After Les Danaïdes and Les Horaces, Les Talens Lyriques concludes the
group’s cycle of Antonio Salieri’s French operas with the world
premiere recording of Tarare. Often unfairly overshadowed by his
brilliant contemporary Mozart, Salieri here composed a genuine
masterpiece on the only libretto ever written by Beaumarchais.
Salieri has a taste for exoticism and, like Mozart in Die Entführung
aus dem Serail, he transports us into a fantasy Orient seen through the
eyes of the pre-revolutionary philosophy of the Enlightenment.
The indefatigable Christophe Rousset, unswerving in his efforts to
revive scores that are rarely performed or have mysteriously languished
in the shadows, directs a five- star cast: the Captain of the Guard
Tarare (Cyrille Dubois) enters the palace of the Sultan Atar
(Jean-Sébastien Bou) in order to rescue his beloved, the slave Astasie
(Karine Deshayes).

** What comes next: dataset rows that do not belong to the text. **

(* For $n\ge2$, there is a well-defined surjective homomorphism $\psi_P:TVP_n\to A_n$ with $\psi_P(\lambda_{kl})=e$ for all $1\le k\ne l\le n$ and $\psi_P(\gamma_j)=\gamma_j$ for $1\le j\le n$, which restricts to the identity on $A_n$. Consequently, with $PL_n=\ker\psi_P$, one has $TVP_n=PL_n\rtimes A_n$.
   Context: For $n\ge 2$, the twisted virtual braid group $TVB_n$ is the group with generators $\sigma_1,\dots,\sigma_{n-1}$, $\rho_1,\dots,\rho_{n-1}$, $\gamma_1,\dots,\gamma_n$ and defining relations: $\sigma_i\sigma_{i+1}\sigma_i=\sigma_{i+1}\sigma_i\sigma_{i+1}$ ($1\le i\le n-2$); $\sigma_i\sigma_j=\sigma_j\sigma_i$ ($|i-j|\ge 2$); $\rho_i^2=1$; $\rho_i\rho_j=\rho_j\rho_i$ ($|i-j|\ge2$); $\rho_i\rho_{i+1}\rho_i=\rho_{i+1}\rho_i\rho_{i+1}$ ($1\le i\le n-2$); $\sigma_i\rho_j=\rho_j\sigma_i$ ($|i-j|\ge 2$); $\rho_i\rho_{i+1}\sigma_i=\sigma_{i+1}\rho_i\rho_{i+1}$ ($1\le i\le n-2$); $\gamma_i^2=1$ and $\gamma_i\gamma_j=\gamma_j\gamma_i$ (all $i,j$); $\gamma_j\rho_i=\rho_i\gamma_j$ and $\gamma_j\sigma_i=\sigma_i\gamma_j$ for $j\notin\{i,i+1\}$; $\rho_i\gamma_i=\gamma_{i+1}\rho_i$ ($1\le i\le n-1$); $\rho_i\sigma_i\rho_i=\gamma_{i+1}\gamma_i\sigma_i\gamma_i\gamma_{i+1}$ ($1\le i\le n-1$). $\varphi_P:TVB_n\to S_n$ is the homomorphism with $\sigma_i\mapsto(i,i+1)$, $\rho_i\mapsto(i,i+1)$, $\gamma_j\mapsto e$, and $TVP_n=\ker\varphi_P$. $A_n=\langle\gamma_1,\dots,\gamma_n\rangle\le TVP_n$. In $TVB_n$ define $\lambda_{i,i+1}=\rho_i\sigma_i^{-1}$, $\lambda_{i+1,i}=\rho_i\lambda_{i,i+1}\rho_i$ ($1\le i\le n-1$), and for $1\le i<j-1\le n-1$: $\lambda_{ij}=\rho_{j-1}\cdots\rho_{i+1}\lambda_{i,i+1}\rho_{i+1}\cdots\rho_{j-1}$, $\lambda_{ji}=\rho_{j-1}\cdots\rho_{i+1}\lambda_{i+1,i}\rho_{i+1}\cdots\rho_{j-1}$. The elements $\lambda_{kl}$ and $\gamma_j$ generate $TVP_n$. *)

(* The twisted virtual braid group TVB_n is
   constructed honestly as a finitely presented group: words in the
   generators and their inverses, modulo the congruence generated by free
   cancellation and the defining relations. Indices are 1-based as in the paper. *)
From mathcomp Require Import all_boot.
Set Implicit Arguments. Unset Strict Implicit. Unset Printing Implicit Defensive.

Behind the love triangle, one senses Beaumarchais’s
indictment of authority in his depiction (in 1787!) of the people’s revolt
against the Sultan’s tyrannical power - so much so that it is
astonishing that the plot escaped the royal censor’s net.
The music follows the story’s misunderstandings, plot twists and
spectacular scenes to produce an opera that prefigures Romanticism,
exhilaratingly performed by Les Talens Lyriques and Les Chantres of the
Centre de Musique Baroque de Versailles. A release that should restore
Salieri’s prestige once and for all.